# Who created the VW ad with the sad bus?



## menace1930 (Jun 7, 2005)

I recently met someone in advertising who claims he was responsible for the VW ad campaign with the sad bus for Jerry Garcia when he died. Does anyone out there have any info on this or know who was responsible for creating that? 
He also claims to have an original sketch of this in storage. I guess I am trying to find out if this is bogus or if he really was responsible for that. Any VW fans know?


----------



## papa_vw (Oct 17, 2005)

*Re: Who created the VW ad with the sad bus? (menace1930)*








The crying Bus wasn't a VW ad campaign. It was pictured on the cover of Rolling Stone magazine on their report of the passing of Grateful Dead band member Jerry Garcia. The 1960's era hippy fans of the Grateful Dead were often associated with the Volkswagen Beetle and Bus.








I keep meaning to buy one of the crying bus t-shirts but never have as of yet.


_Modified by papa_vw at 2:45 PM 12-8-2009_


----------



## quiverpup (Oct 28, 2009)

*Re: Who created the VW ad with the sad bus? (papa_vw)*

I dont think so. I had a copy of that issue( I'm an old deadhead). The cover had a pic of Garcia, the Bus pic was inside somewhere. I cut it out and framed it. I believe it WAS a VW ad unless it was something RS came up with. The frame I put it in was smaller than page so I lost any copyright etc. info that was on page. Maybe someone else can chime in with info but the cover pic was of Garcia for sure. Anyone?


----------



## Boogety Boogety (Jun 22, 2003)

*Re: Who created the VW ad with the sad bus? (quiverpup)*

Guaranteed it _wasn't _a cover (RS subscriber since '72) and guaranteed it _was _a VW ad. I don't recall the ad agency (it wasn't Doyle Dane Bernbach, I'm almost positive, it _might _have been Arnold of Boston) but they deserve a huge pat on the back for the quick thinking. As a Deadhead myself (over 120 shows over the years), I remember exactly where I was August 9, 1995, when I heard about Jerry's passing... driving a rented Trans Am through Miami, when the news came on the radio (was it... SHE radio? Don't remember that. Shocking day...). The ad was so popular, posters were created and sold for quite a while, and I believe may even be collectors' items now. Of course, T-shirts are still available...


----------



## menace1930 (Jun 7, 2005)

*Re: Who created the VW ad with the sad bus? (Boogety Boogety)*

I do know he has worked in advertising for almost 18 years now so this may actually be true. he said he has won awards for 2 different ads. The VW sad bus was the first and then there was another for Schick razors with Andre Agassi. It was the ad when he shaved his head and the ad read Andre/Offdre with the mullet/bald pictures side by side.
Anyway he does claim to have the original sketch from the sad bus in storage. I should see if he will show it to me. That would be a nice collectors item to own.


----------



## papa_vw (Oct 17, 2005)

*Re: Who created the VW ad with the sad bus? (quiverpup)*


_Quote, originally posted by *quiverpup* »_I dont think so. I had a copy of that issue( I'm an old deadhead). The cover had a pic of Garcia, the Bus pic was inside somewhere. I cut it out and framed it. I believe it WAS a VW ad unless it was something RS came up with. The frame I put it in was smaller than page so I lost any copyright etc. info that was on page. Maybe someone else can chime in with info but the cover pic was of Garcia for sure. Anyone?

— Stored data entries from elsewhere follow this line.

(* Let $M$ be a sharp, integral monoid and $\Gamma=(X,r,i,l)$ an $M$-metrised graph. Then $\operatorname{dgon}(\Gamma)\le\operatorname{ggon}(\Gamma)$.
   Context: Monoids are commutative, sharp (only unit $0$), integral (cancellative), with groupification $M^{gp}$; $\langle m\rangle=\{km:k\in\mathbb Z\}\subseteq M^{gp}$ and for $x=km$, $m\ne0$, $x/m:=k$. A graph is $(X,r,i)$, $X$ finite, $r$ idempotent, $i$ an involution, $i(x)=x\iff r(x)=x$; vertices $V$ = fixed points, half-edges $H=X\setminus V$, edges $\{e,i(e)\}$ joining $r(e),r(i(e))$, $H_v=\{e\in H:r(e)=v\}$; graphs are connected; a tree is a graph without cycles. An $M$-metrised graph adds $l:X\to M$ with $l(i(x))=l(x)$, $l(x)=0\iff x\in V$. Divisors: elements of the free abelian group on $V$, partially ordered pointwise; $\operatorname{Div}^k_+$ = effective divisors of degree $k$. $\operatorname{PL}(\Gamma)=\{g:V\to M^{gp}: g(r(e))-g(r(i(e)))\in\langle l(e)\rangle\ \forall e\in H\}$; $\Delta(g)=\sum_{v}\big(\sum_{e\in H_v}\frac{g(v)-g(r(i(e)))}{l(e)}\big)[v]$; $D\sim D'$ iff $D-D'\in\Delta(\operatorname{PL}(\Gamma))$; $|D|=\{E\ge0:E\sim D\}$; $r(D)=\max\{k\in\mathbb Z:|D-F|\ne\emptyset\ \forall F\in\operatorname{Div}^k_+(\Gamma)\}$; $\operatorname{dgon}(\Gamma)=\min\{\deg D: r(D)\ge1\}$. A morphism $\phi:\Gamma\to\Gamma'$ is a map $X\to X'$ with $\phi(V)\subseteq V'$; if $\phi(e)=e'\in H'$ then $\phi(r(e))=r'(e')$, $\phi(r(i(e)))=r'(i'(e'))$, $l'(e')\in\langle l(e)\rangle$; if $\phi(e)=v'\in V'$ then $\phi(r(e))=\phi(r(i(e)))=v'$. Slope $\mu_\phi(e)=l'(\phi(e))/l(e)$ if $\phi(e)\in H'$, else $0$; $m_{\phi,v}(e')=\sum_{e\in H_v,\phi(e)=e'}\mu_\phi(e)$ for $e'\in H'_{\phi(v)}$; harmonic: independent of $e'$ for each $v$, common value $m_\phi(v)$; non-degenerate: $m_\phi(v)>0$ for all $v$; degree of harmonic $\phi$: $\sum_{v:\phi(v)=r'(e')}m_{\phi,v}(e')$ for any $e'\in H'$ (independent of $e'$). $\operatorname{ggon}(\Gamma)$ = minimum of $\deg\phi$ over $M$-metrised trees $T$ and harmonic non-degenerate morphisms $\phi:\Gamma\to T$, or $\infty$ if none exists. *)

From HB Require Import structures.
From mathcomp Require Import all_boot all_order all_algebra.
Definition disc (x : (R * R)%type) (e : R) : set (R * R)%type :=
  [set q | (q.1 - x.1) ^+ 2 + (q.2 - x.2) ^+ 2 < e ^+ 2].

Definition msupport (mu : set (R * R)%type -> \bar R) : set (R * R)%type :=
  [set x | forall e : R, 0 < e -> (0 < mu (disc x e))%E].

Definition expi (t : R) : R[i] := cos t +i* sin t.

Definition polar (t0 : R) (z : R[i]) : (R * R)%type :=
  xget (1, t0) [set rt : (R * R)%type | 0 < rt.1 /\
     t0 <= rt.2 < t0 + 2 * pi /\ z = (rt.1)%:C * expi rt.2].

Definition zhalf (t0 : R) (k : int) (z : R[i]) : R[i] :=
  ((polar t0 z).1 `^ (k%:~R / 2))%:C * expi (k%:~R * (polar t0 z).2 / 2).

Definition cint (mu : {measure set (R * R)%type -> \bar R}) (f : (R * R)%type -> R[i])
  : R[i] :=
  (Rintegral mu setT (fun q => complex.Re (f q))) +i* (Rintegral mu setT (fun q => complex.Im (f q))).

(* Element of span{z^p}_{p=a}^{a+m-1} given by its coefficient vector
   c : 'I_m -> C; here a2 = 2a is an integer and the i-th basis function
   is z^{(a2 + 2 i)/2}. *)
Definition spanfun (t0 : R) (a2 : int) (m : nat) (c : 'I_m -> R[i]) (z : R[i])
  : R[i] :=
  \sum_(i < m) c i * zhalf t0 (a2 + 2 * (i : nat)%:Z) z.

Definition nabs (r : nat) (n : 'I_r -> nat) : nat := \sum_(j < r) n j.

(* phi-normality of n.  phi ranges over span{z^p}_{p=-|n|/2}^{|n|/2}, i.e. the
   coefficient vectors c : 'I_(|n|+1) -> C with basis z^{(-|n| + 2i)/2};
   the coefficient of z^{|n|/2} is c ord_max.  Orthogonality:
   int phi(z) z^{-p} dmu_j = 0 for p = -n_j/2, ..., n_j/2 - 1, i.e.
   2p = -n_j + 2l, l < n_j. *)
Definition phi_normal (t0 : R) (r : nat) (mu : 'I_r -> {measure set (R * R)%type -> \bar R})
  (n : 'I_r -> nat) : Prop :=
  n = (fun _ => 0%N) \/
  exists! c : 'I_(nabs n).+1 -> R[i],
    c ord_max = 1 /\
    forall (j : 'I_r) (l : 'I_(n j)),
      cint (mu j) (fun q =>
        spanfun t0 (- (nabs n)%:Z) c (toC q) *
        zhalf t0 (- (- (n j)%:Z + 2 * (l : nat)%:Z)) (toC q)) = 0.

End Defs.

(* Pairing the basis z^{(-|n| + 2i)/2}, i <= |n|, of the space of phi with the
   |n| orthogonality conditions gives an (|n|+1) x |n| matrix of moments
   int z^{k/2} dmu_j, and the conditions on X use the same matrix without its
   last row.  Hence n is phi-normal iff that square block has a trivial left
   kernel.  As the mu_j live on the circle, the conjugate of int z^{k/2} is
   int z^{-k/2}, so the kernel is stable under the antilinear involution
   c |-> tau * conj (c reversed), which on functions is X |-> tau * conj X(1/conj z).
   A nonzero subspace stable under an antilinear involution contains a nonzero
   fixed vector, c + sigma c or i c + sigma (i c): a nonzero symmetric X. *)

From HB Require Import structures.
From mathcomp Require Import all_boot all_order all_algebra.
From mathcomp Require Import all_classical all_reals all_analysis.
From mathcomp Require Import complex.
From mathcomp Require Import measurable_realfun ring lra zify.
Import Order.TTheory GRing.Theory Num.Theory.
Import numFieldNormedType.Exports.
Local Open Scope ring_scope.
Local Open Scope complex_scope.
Local Open Scope classical_set_scope.
Set Implicit Arguments. Unset Strict Implicit. Unset Printing Implicit Defensive.

Section MonicAnnihilator.
Variables (F : fieldType) (S : finType).

Definition annihilates (m : nat) (B : 'I_m -> S -> F) (c : 'I_m -> F) :=
  forall s, \sum_(i < m) c i * B i s = 0.

Lemma annihilates_lin m (B : 'I_m -> S -> F) a u v :
  annihilates B u -> annihilates B v -> annihilates B (fun i => a * u i + v i).
Proof.
move=> u_ann v_ann s; under eq_bigr do rewrite mulrDl -mulrA.
by rewrite big_split /= -mulr_sumr u_ann v_ann mulr0 addr0.
Qed.

Variables (N : nat) (A : 'I_N.+1 -> S -> F).
Hypothesis card_S : #|S| = N.

Local Notation widen := (widen_ord (leqnSn N)).
Local Notation A' := (fun i => A (widen i)).

Let extend (c : 'I_N -> F) (x : F) (i : 'I_N.+1) : F :=
  if unlift ord_max i is Some k then c k else x.

Let widen_lift (i : 'I_N) : widen i = lift ord_max i.
Proof. by apply/val_inj; rewrite /= /bump leqNgt ltn_ord. Qed.

Let extend_widen c x i : extend c x (widen i) = c i.
Proof. by rewrite /extend widen_lift liftK. Qed.

Let sum_extend c x s :
  \sum_(i < N.+1) extend c x i * A i s = \sum_(i < N) c i * A' i s + x * A ord_max s.
Proof.
rewrite big_ord_recr /=; congr (_ + _); last by rewrite /extend unlift_none.
by apply: eq_bigr => i _; rewrite extend_widen.
Qed.

Let extendE (c : 'I_N.+1 -> F) : c = extend (fun i => c (widen i)) (c ord_max).
Proof.
by apply/funext => i; rewrite /extend; case: unliftP => [k ->|->]; rewrite ?widen_lift.
Qed.

Lemma unique_monic_annihilator :
  (exists! c : 'I_N.+1 -> F, c ord_max = 1 /\ annihilates A c) <->
  (forall c : 'I_N -> F, annihilates A' c -> c = (fun _ => 0)).
Proof.
split=> [[c1 [[c1_max c1_ann] c1_uniq]] c c_ann|ker0].
  pose c2 := extend (fun i => c1 (widen i) + c i) 1.
  have c2_ann : annihilates A c2.
    move=> s; rewrite sum_extend -c1_max.
    under eq_bigr do rewrite mulrDl; rewrite big_split /= c_ann addr0.
    by rewrite -sum_extend -extendE c1_ann.
  have /c1_uniq c2_c1 : c2 ord_max = 1 /\ annihilates A c2.
    by split; rewrite // /c2 /extend unlift_none.
  apply/funext => i; have := congr1 (fun f => f (widen i)) c2_c1.
  by rewrite /c2 /= extend_widen => /esym/eqP; rewrite -subr_eq0 addrC addKr => /eqP.
pose M : 'M[F]_(N, #|S|) := \matrix_(i, k) A' i (enum_val k).
have mulM (v : 'rV_N) s : (v *m M) 0 (enum_rank s) = \sum_i v 0 i * A' i s.
  by rewrite mxE; apply: eq_bigr => i _; rewrite mxE enum_rankK.
have M_full : row_full M.
  have M_free : row_free M.
    apply: inj_row_free => v vM0; apply/rowP => i; rewrite mxE.
    have /ker0/(congr1 (fun f => f i)) // : annihilates A' (fun i => v 0 i).
    by move=> s; rewrite -mulM vM0 mxE.
  by rewrite /row_full (eqP M_free) card_S.
pose w := \row_k (- A ord_max (enum_val k)) *m pinvmx M.
have w_sum s : \sum_i w 0 i * A' i s = - A ord_max s.
  by rewrite -mulM mulmxKpV ?submx_full // mxE enum_rankK.
exists (extend (fun i => w 0 i) 1); split.
  split; first by rewrite /extend unlift_none.
  by move=> s; rewrite sum_extend w_sum mul1r addNr.
move=> y [y_max y_ann]; rewrite [y]extendE y_max; congr extend; apply/funext => i.
apply/eqP; rewrite eq_sym -subr_eq0; apply/eqP.
have /ker0/(congr1 (fun f => f i)) // : annihilates A' (fun i => y (widen i) - w 0 i).
move=> s; under eq_bigr do rewrite mulrBl; rewrite sumrB w_sum opprK.
by have := y_ann s; rewrite {1}[y]extendE sum_extend y_max mul1r.
Qed.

Unfortunately, I don't read Rolling Stone magazine but I recall seeing this design within days of Jerry Garcia's passing if I remember correctly. I'm pretty certain it was something developed by Rolling Stone although admittedly I could be mistaken and don't know all the details on it.


_Modified by papa_vw at 11:18 AM 12-9-2009_


----------



## Boogety Boogety (Jun 22, 2003)

*Re: Who created the VW ad with the sad bus? (menace1930)*

Back in the day, late '70s to late '80s, I interviewed a bunch of ad agencies in NYC for various clients... DDB, Levine-Huntley, BBDO, J Walter Thompson, et al... none outside NYC. I'd be interested to know his story. Ad people are a great bunch of folks.








If he has the original drawing, _wow_... it's not quite the Magna Carta, you know, but _still_... a Deadhead would pay a pretty penny to have it. I'm not talking eBay stuff, either, I'm talking Christie's...


----------



## menace1930 (Jun 7, 2005)

*Re: Who created the VW ad with the sad bus? (Boogety Boogety)*

He lives local to me in Connecticut but has worked in the city his whole career. He has some great stories about ads that he has done and people he has met along the way. He actually just got engaged to a friend of mine and ended up moving in with her. Along with selling his house he actually gave me a 16' moving truck full of furniture he no longer wanted. Unfortunatly that picture wasnt included but I am going to ask him about it.


----------



## Boogety Boogety (Jun 22, 2003)

*Re: Who created the VW ad with the sad bus? (menace1930)*

If he _was _involved in the creation or publication of that ad, please, on my behalf and on behalf of innumerable Deadheads, give him a big man hug and my very warmest regards. And if you get that drawing, duude, get it framed and treasure it like the Mona Lisa...


----------



## costaccm (Sep 15, 2000)

So I came across this print that I've been having for about 15 or so years now, and after trying to find some more information on it, this thread came up. I acquired it when I worked for a VW dealership in the mid '90's.

I was curious as to who the artist was and its value. this print is signed Julio Yargas (1/6). However, a Google search of the name comes up empty. 


Any ideas?


----------



## Cbeetle (Dec 16, 2015)

This was an ad in Rolling Stone. Someone on eBay is selling prints of this but I can't find any information on Julio Yargas. Is it Yargas or Vargas. Hard to say if he is the original artist or if this is just a sketched copy of the original. There's a guy down the street with one of these VW buses and I always see him on the side of the road trying to fix it. First thing I thought of when I saw the picture.


----------